There are others, such as too little staffing and too much verbal abuse from doctors and too little pay.
A male nurse wrote to me recently exclaiming that even with his 19 years experience he had decided to leave nursing. He related some of his reasons to one of my recent commentaries wherein I related how the patients are now being "blamed" for any medical errors. He went on to say that in the beginning when he just started as a nurse's aide the one thing "I loved more than anything was being able to take the time to help the patient understand what was going on in terms they could understand - in a way that could make sense for them.
Thanks to the increasing focus on healthcare as a business and the ever present focus on "bottom line profits (even in the case of public or private "non-profit" hospitals) decisions have been made over the past decade to cut back many positions at the bedside."
He went on to say "I finally made a decision that I could no longer continue working in a situation that resulted in my constantly being on the verge of tears.

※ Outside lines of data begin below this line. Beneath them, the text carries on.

(* Let $(X_1,\Sigma_1),\dots,(X_N,\Sigma_N)$ be i.i.d. copies of a random pair $(X,\Sigma)$ valued in $\mathcal{X}\times\mathfrak{S}_n$. Suppose that $P_x\in\mathcal{T}$ for all $x\in\mathcal{X}$ and that $$H=\inf_{x\in\mathcal{X}}\min_{i<j}|p_{i,j}(x)-1/2|>0.$$ Let $\mathcal{S}_0$ be a class of measurable maps $\mathcal{X}\to\mathfrak{S}_n$ with finite cardinality $C<+\infty$ that contains the rule $s^*(x)=\sigma^*_{P_x}$. Let $\widehat{s}_N$ be any minimizer over $\mathcal{S}_0$ of $\widehat{\mathcal{R}}_N(s)=\frac1N\sum_{k=1}^N d_\tau(s(X_k),\Sigma_k)$. Then, for any $\delta\in(0,1)$, with probability at least $1-\delta$: $$\mathcal{R}(\widehat{s}_N)-\mathcal{R}^*\le \Big(\frac{n(n-1)}{2H}\Big)\times\frac{\log(C/\delta)}{N}.$$
   Context: $\mathfrak{S}_n$ is the set of permutations of $\{1,\dots,n\}$. The Kendall $\tau$ distance is $d_\tau(\sigma,\sigma')=\sum_{i<j}\mathbb{I}\{(\sigma(i)-\sigma(j))(\sigma'(i)-\sigma'(j))<0\}$. $P_x$ is the conditional distribution of $\Sigma$ given $X=x$, and $p_{i,j}(x)=\mathbb{P}\{\Sigma(i)<\Sigma(j)\mid X=x\}$. A distribution $P$ on $\mathfrak{S}_n$ with pairwise probabilities $p_{i,j}=\mathbb{P}_{\Sigma\sim P}\{\Sigma(i)<\Sigma(j)\}$ is strictly stochastically transitive if (a) $p_{i,j}\ge1/2$ and $p_{j,k}\ge1/2$ imply $p_{i,k}\ge1/2$ for all $i,j,k$, and (b) $p_{i,j}\neq1/2$ for all $i<j$. $\mathcal{T}$ is the set of such distributions. For $P\in\mathcal{T}$, the unique minimizer $\sigma^*_P$ of $\sigma\mapsto\mathbb{E}_{\Sigma\sim P}[d_\tau(\Sigma,\sigma)]$ is given by $\sigma^*_P(i)=1+\sum_{k\neq i}\mathbb{I}\{p_{i,k}<1/2\}$. The risk is $\mathcal{R}(s)=\mathbb{E}[d_\tau(s(X),\Sigma)]$, and $\mathcal{R}^*$ is its infimum over all measurable $s:\mathcal{X}\to\mathfrak{S}_n$. *)

From HB Require Import structures.
From mathcomp Require Import all_boot all_order all_algebra all_fingroup.
From mathcomp Require Import all_classical all_reals all_analysis.
Set Implicit Arguments. Unset Strict Implicit. Unset Printing Implicit Defensive.
Import Order.TTheory GRing.Theory Num.Theory.
Local Open Scope classical_set_scope.
Local Open Scope ring_scope.

Definition d_tau (n : nat) (s s' : 'S_n) : nat :=
  \sum_(i < n) \sum_(j < n | (i < j)%N)
     (((((s i)%:Z - (s j)%:Z) * ((s' i)%:Z - (s' j)%:Z)) < 0)%R : nat).

(* A distribution on 'S_n given by its mass function q;
   pairwise probability p_{i,j} = P{Sigma(i) < Sigma(j)}. *)
Definition pairp {R : realType} (n : nat) (q : 'S_n -> R) (i j : 'I_n) : R :=
  \sum_(s : 'S_n | (s i < s j)%N) q s.
(* Let $0<q<1$, let $X\ge 0$ have a distribution $P_X$ with $q$-density $f$ and finite $q$-moments of all orders, and let $m\in\mathbb{N}$. If there is a constant $C>0$ such that $$f(q^{-mj})\ge C\,q^{mj(j+1)/2}\quad\text{for all } j\ge 0,$$ then $P_X$ is $q$-moment indeterminate.
   Context: Fix $0<q<1$. All random variables are non-negative. The Jackson $q$-integral is $\int_0^a g(t)\,d_qt=a(1-q)\sum_{j=0}^\infty g(aq^j)q^j$ for $a>0$, and the improper $q$-integral is $\int_0^\infty g(t)\,d_qt=(1-q)\sum_{j=-\infty}^{\infty}g(q^j)q^j$. A function $f$ on $(0,\infty)$ is a $q$-density of $X$ (with distribution function $F_X$) if $F_X(x)=\int_0^x f(t)\,d_qt$ for all $x>0$. The $n$-th $q$-moment is $m_q(n;f)=m_q(n;X)=\int_0^\infty t^nf(t)\,d_qt=(1-q)\sum_{j\in\mathbb{Z}}q^{j(n+1)}f(q^j)$, $n\in\mathbb{N}_0$. For functions $f,g$ on $(0,\infty)$ write $f\sim g$ iff $f(q^j)=g(q^j)$ for all $j\in\mathbb{Z}$. A distribution $P_X$ with $q$-density $f$ and finite $q$-moments of all orders is $q$-moment determinate if, whenever $Y$ is a random variable with $q$-density $g$ and $m_q(k;Y)=m_q(k;X)$ for all $k\in\mathbb{N}_0$, one has $f\sim g$; otherwise it is $q$-moment indeterminate. *)

From Stdlib Require Import Reals Lra.
Open Scope R_scope.

(* Jackson q-integral on [0,a]:  int_0^a g d_qt = a(1-q) sum_{j>=0} g(a q^j) q^j,
   stated relationally: the series converges with the given value. *)
Definition jackson_int (q a : R) (g : R -> R) (v : R) : Prop :=
  infinite_sum (fun j : nat => a * (1 - q) * (g (a * q ^ j) * q ^ j)) v.
(* Let $\mathcal{D}$ be an open derivation and let $\mathsf{S}(\mathcal{D})$ be the maximum number of $?$-formulas in the conclusion of a $\mathsf{cp}$ rule of $\mathcal{D}$. If $\mathcal{D}= \mathcal{D}_0 \to_{\mathsf{cut}} \cdots \to_{\mathsf{cut}}\mathcal{D}_n$ then: \begin{enumerate} \item $n$ and $|\mathcal{D}_i|$ are in $\mathcal{O}(\mathsf{S}(\mathcal{D})^3\cdot| \mathcal{D} |^3)$ for any $i\in\{0,\dots,n\}$. \item If only principal cut-elimination steps are applied then $n$ and $|\mathcal{D}_i|$ are in $\mathcal{O}(\mathsf{S}(\mathcal{D})\cdot| \mathcal{D} |)$ for any $i\in\{0,\dots,n\}$. \item If the reduction sequence is maximal then $\mathcal{D}_n$ is cut free. \end{enumerate}
   Context: Formulas: $A ::= X \mid X^\perp \mid A\otimes A \mid A ⅋ A \mid {!A} \mid {?A} \mid \mathbf{1} \mid \bot \mid \forall X.A \mid \exists X.A$. The rules are axiom, cut, $\otimes$, $⅋$, $\mathbf{1}$, $\bot$, weakening $?\mathsf{w}$ (from $\Gamma$ infer $\Gamma,?A$), absorption $?\mathsf{b}$ (from $\Gamma,A,?A$ infer $\Gamma,?A$), $\forall$, $\exists$ (instantiating only $(!,?)$-free formulas), conditional promotion $\mathsf{cp}$ (from $\Gamma,A$ and $?\Gamma,!A$ infer $?\Gamma,!A$), plus the rule $\mathsf{hyp}$ with no premises and arbitrary conclusion. An open derivation is a finite derivation over these rules; $|\mathcal{D}|$ is its number of rule instances. Cut-elimination $\to_{\mathsf{cut}}$: standard multiplicative, second-order and commutative steps (the latter permute a cut above a non-cut rule), and principal exponential steps: cut of two $\mathsf{cp}$ rules becomes a $\mathsf{cp}$ whose premises are the cuts of the respective left and right premises; cut of $\mathsf{cp}$ (conclusion $?\Gamma,!A$) against $?\mathsf{w}$ on $?A^\perp$ becomes $|\Gamma|$ weakenings; cut of $\mathsf{cp}$ against $?\mathsf{b}$ (premise $\Delta,A^\perp,?A^\perp$) becomes a cut of the left premise $\Gamma,A$ against $A^\perp$ and of the right premise $?\Gamma,!A$ against $?A^\perp$, followed by $|\Gamma|$ absorptions. Non-commutative steps are called principal. *)

From Stdlib Require Import List Arith Permutation.
Import ListNotations.

Inductive formula : Type :=
| Var : nat -> formula
| Dual : nat -> formula
| Tens : formula -> formula -> formula
| Par : formula -> formula -> formula
| OfC : formula -> formula
| WhyNot : formula -> formula
| One : formula
| Bot : formula
| All : formula -> formula      (* forall X. A, binds index 0 *)
| Ex : formula -> formula.      (* exists X. A, binds index 0 *)

Fixpoint dual (A : formula) : formula :=
  match A with
  | Var n => Dual n
  | Dual n => Var n
  | Tens A B => Par (dual A) (dual B)
  | Par A B => Tens (dual A) (dual B)
  | OfC A => WhyNot (dual A)
  | WhyNot A => OfC (dual A)
  | One => Bot
  | Bot => One
  | All A => Ex (dual A)
  | Ex A => All (dual A)
  end.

I felt so angry and impotent after continuous rejection about any of my suggestions made to the administration as to ways to improve the system. How many times was I reprimanded that I just did not understand the "economics" of the situation.'
Overcrowding on the ER hits doctors, interns, residents - everyone. And accidents are happening too often and in more and more hospitals. Up until a year or so ago, ER rooms faced this nerve-racking logjam for only few days or weeks in winter when the flu and cold viruses turn into potential fatal pneumonia, babies fall prey to respiratory and intestinal viruses, depression fills the psych wards and slippery ice keeps the orthopedists busy. Now we're seeing mini-surges in the spring, summer and fall.

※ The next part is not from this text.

(* Let $E$ be a Banach space and $P$ a metric space. For $\mu\in P$ and $\lambda>0$ let $\{R^{(\mu,\lambda)}(t,s)\}_{t\geq s\geq0}$ be evolution systems on $E$ such that (H4) there are $M\geq1$, $\omega\in\mathbb{R}$ with $\|R^{(\mu,\lambda)}(t,s)\|\leq Me^{\omega(t-s)}$ for all $\mu,\lambda$ and $0\leq s\leq t$; and (H5) there are $C_0$ semigroups $\{\widehat S^{(\mu)}(t)\}_{t\geq0}$, $\mu\in P$, on $E$ such that for any $t\geq0$, $s\in[0,t]$, $\mu\in P$, $\bar u\in E$, $\lim_{\lambda\to0^+,\ \bar v\to\bar u,\ \nu\to\mu}R^{(\nu,\lambda)}(t,s)\bar v=\widehat S^{(\mu)}(t-s)\bar u$, uniformly for $t,s$ from bounded intervals. Let $(T_n)$ in $(0,+\infty)$, $(k_n)$ positive integers, $(\lambda_n)$ in $(0,+\infty)$, $(\mu_n)$ in $P$ be such that $T_n\to+\infty$, $k_n\to\infty$, $\lambda_n\to0$, $k_n\lambda_nT_n\to t$ for some $t>0$, $\mu_n\to\mu_0\in P$, and $k_n\lambda_nT_n\leq t$ for almost all $n$. Then for any continuous $w:[0,t]\to E$, $\lambda_nT_n\sum_{k=0}^{k_n-1}R^{(\mu_n,\lambda_n)}(k_n\lambda_nT_n,k\lambda_nT_n)w(k\lambda_nT_n)\to\int_0^t\widehat S^{(\mu_0)}(t-s)w(s)\,ds$ as $n\to+\infty$.
   Context: An evolution system on $E$ is a family $\{R(t,s)\}_{t\geq s\geq 0}$ of bounded linear operators with $R(t,t)=I$, $R(t,s)R(s,r)=R(t,r)$ for $t\geq s\geq r\geq 0$, and $(s,t)\mapsto R(t,s)\bar u$ continuous for each $\bar u\in E$. *)

From Stdlib Require Import Reals Lra.
From Coquelicot Require Import Coquelicot.
Open Scope R_scope.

"A Call to Action: Single payer Hearing in Congress May 1,2001 will start, I hope, the ball rolling. The Congressional Black Caucus and Congressional Progressive Caucus sponsored this hearing. The group produced a 27-page white paper that is easy to download. Just send me a quick note and I'll explain it, just for your information the URL to the site is www.kaisernetwork.org/health_cast
A group of nearly two-dozen nationally prominent physicians- including Dr. Marcia Angell, former editor of the New England Journal of medicine, and a host of others testified before Congress that only comprehensive reform of America's ailing system will address the nation's health care crisis.
We have engaged in a massive experimental failure (if it were really as innocent as that). Rhetoric about the benefits of competition and profit-driven health care can no longer hide the reality: Our health systems in a shambles. I think we have started a nice little grassroots movement here - let's keep it up. I feel a tad optimistic since 1999 when I started to write on this issue for Zmag.org.